> **Try it**:
All lines from the entries below that contain the string "MCase" should be copied out.

> **Given data**:
******

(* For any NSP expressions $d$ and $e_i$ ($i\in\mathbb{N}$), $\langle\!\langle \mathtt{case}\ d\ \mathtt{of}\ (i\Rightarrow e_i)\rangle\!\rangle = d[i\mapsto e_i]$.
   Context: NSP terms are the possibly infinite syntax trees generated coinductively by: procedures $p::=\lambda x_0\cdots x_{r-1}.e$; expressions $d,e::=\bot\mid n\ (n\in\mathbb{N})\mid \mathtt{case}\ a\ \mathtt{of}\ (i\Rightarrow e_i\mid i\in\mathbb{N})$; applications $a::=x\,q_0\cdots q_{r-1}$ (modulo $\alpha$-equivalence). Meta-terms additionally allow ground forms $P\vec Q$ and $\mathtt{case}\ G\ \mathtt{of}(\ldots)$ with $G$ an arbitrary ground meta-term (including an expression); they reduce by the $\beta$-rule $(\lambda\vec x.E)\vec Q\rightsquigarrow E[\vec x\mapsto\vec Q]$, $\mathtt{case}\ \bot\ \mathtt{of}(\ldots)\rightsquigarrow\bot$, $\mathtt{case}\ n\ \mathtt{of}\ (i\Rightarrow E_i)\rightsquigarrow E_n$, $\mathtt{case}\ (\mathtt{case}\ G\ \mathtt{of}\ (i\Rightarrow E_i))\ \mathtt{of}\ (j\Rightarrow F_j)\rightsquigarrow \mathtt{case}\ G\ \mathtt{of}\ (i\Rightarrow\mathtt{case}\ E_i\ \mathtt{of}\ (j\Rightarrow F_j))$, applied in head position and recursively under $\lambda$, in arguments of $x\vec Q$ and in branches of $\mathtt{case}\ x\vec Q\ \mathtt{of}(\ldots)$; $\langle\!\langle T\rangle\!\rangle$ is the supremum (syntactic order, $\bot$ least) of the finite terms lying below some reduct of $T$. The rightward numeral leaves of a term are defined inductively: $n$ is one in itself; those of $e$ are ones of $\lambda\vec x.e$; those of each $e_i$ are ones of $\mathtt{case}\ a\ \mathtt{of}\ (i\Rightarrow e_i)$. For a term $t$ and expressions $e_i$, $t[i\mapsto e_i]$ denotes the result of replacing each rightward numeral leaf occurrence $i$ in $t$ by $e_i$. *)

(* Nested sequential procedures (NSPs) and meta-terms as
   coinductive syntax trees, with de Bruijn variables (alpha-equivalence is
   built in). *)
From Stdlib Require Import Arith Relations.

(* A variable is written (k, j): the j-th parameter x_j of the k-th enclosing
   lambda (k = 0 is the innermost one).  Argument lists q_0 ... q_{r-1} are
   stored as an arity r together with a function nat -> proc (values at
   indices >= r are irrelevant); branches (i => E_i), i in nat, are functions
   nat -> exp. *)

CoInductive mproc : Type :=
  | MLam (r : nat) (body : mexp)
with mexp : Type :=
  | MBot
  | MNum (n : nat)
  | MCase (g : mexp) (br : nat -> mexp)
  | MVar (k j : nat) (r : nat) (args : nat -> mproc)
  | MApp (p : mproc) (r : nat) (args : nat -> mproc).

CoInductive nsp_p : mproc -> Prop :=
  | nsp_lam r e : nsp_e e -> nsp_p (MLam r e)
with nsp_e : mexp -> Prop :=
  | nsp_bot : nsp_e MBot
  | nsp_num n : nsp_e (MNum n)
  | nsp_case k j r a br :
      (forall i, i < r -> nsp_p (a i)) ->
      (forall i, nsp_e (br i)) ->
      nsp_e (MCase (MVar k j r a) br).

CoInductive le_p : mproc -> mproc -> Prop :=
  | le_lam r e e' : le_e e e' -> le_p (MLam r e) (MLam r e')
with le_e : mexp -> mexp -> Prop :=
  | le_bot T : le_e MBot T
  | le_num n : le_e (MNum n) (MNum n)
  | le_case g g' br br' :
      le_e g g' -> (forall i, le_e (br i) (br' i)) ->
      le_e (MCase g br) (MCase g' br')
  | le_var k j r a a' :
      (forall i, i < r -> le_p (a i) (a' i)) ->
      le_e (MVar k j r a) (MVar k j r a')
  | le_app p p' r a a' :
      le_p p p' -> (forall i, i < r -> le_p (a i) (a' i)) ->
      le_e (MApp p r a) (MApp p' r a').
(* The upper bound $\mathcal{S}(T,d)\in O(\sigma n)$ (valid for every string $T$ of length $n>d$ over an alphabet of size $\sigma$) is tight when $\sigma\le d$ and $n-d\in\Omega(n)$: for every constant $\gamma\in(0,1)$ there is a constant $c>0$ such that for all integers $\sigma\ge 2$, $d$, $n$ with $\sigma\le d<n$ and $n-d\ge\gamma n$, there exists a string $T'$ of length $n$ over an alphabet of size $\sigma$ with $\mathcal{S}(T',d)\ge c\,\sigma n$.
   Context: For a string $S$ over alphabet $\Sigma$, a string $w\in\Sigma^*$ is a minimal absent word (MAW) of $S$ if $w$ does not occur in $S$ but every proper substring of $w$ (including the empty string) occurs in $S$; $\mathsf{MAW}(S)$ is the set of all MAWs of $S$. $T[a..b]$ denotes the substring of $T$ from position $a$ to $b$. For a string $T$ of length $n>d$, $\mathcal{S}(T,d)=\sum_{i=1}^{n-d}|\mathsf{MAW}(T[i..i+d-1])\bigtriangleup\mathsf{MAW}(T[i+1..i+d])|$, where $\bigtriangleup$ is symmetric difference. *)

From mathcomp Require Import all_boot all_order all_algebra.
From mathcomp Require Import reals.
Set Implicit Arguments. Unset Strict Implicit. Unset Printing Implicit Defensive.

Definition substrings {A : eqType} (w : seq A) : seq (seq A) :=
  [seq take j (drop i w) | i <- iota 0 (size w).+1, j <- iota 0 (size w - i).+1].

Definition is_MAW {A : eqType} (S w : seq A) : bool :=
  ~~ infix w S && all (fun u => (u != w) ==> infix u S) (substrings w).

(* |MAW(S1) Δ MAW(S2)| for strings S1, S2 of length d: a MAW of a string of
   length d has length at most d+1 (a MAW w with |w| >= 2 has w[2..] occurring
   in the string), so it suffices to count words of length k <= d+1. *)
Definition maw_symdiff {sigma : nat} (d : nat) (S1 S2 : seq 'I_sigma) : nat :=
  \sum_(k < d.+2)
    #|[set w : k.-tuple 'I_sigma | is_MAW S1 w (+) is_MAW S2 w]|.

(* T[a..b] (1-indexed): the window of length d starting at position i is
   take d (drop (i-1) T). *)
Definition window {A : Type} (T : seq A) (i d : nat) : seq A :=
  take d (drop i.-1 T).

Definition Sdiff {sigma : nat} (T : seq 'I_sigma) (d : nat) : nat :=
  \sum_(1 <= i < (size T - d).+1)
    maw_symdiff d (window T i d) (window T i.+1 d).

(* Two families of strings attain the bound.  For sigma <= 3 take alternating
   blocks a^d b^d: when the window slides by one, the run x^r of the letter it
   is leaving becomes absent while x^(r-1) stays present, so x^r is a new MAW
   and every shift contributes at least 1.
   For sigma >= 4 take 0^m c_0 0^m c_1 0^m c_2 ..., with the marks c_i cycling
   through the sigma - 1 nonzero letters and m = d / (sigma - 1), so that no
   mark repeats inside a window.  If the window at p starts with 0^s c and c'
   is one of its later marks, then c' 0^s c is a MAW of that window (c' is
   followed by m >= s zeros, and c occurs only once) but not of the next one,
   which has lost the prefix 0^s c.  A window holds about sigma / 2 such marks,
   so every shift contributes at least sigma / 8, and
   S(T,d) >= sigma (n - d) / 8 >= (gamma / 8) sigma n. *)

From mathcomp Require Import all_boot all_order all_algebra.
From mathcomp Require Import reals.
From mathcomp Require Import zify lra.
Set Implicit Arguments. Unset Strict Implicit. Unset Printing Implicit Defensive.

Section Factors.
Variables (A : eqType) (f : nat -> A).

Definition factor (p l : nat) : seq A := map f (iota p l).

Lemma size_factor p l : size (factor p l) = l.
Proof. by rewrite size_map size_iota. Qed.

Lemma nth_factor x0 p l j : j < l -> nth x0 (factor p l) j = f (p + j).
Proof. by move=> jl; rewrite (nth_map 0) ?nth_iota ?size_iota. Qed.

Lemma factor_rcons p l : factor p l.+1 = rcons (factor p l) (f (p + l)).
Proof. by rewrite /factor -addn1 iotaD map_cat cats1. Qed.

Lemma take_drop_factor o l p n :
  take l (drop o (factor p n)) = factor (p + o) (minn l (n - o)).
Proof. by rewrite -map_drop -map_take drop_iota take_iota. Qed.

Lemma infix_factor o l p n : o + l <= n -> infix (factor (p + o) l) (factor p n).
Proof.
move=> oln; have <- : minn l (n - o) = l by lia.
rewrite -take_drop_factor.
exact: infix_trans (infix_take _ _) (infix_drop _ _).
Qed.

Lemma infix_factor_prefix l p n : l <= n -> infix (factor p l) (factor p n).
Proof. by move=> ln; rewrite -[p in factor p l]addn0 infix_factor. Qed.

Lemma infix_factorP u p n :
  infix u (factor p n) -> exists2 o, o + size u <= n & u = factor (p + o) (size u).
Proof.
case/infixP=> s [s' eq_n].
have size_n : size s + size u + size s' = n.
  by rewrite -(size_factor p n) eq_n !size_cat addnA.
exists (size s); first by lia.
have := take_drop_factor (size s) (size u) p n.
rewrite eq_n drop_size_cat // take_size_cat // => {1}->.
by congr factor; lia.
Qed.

******

> **Exercise answer**:
  | MCase (g : mexp) (br : nat -> mexp)
      nsp_e (MCase (MVar k j r a) br).
      le_e (MCase g br) (MCase g' br')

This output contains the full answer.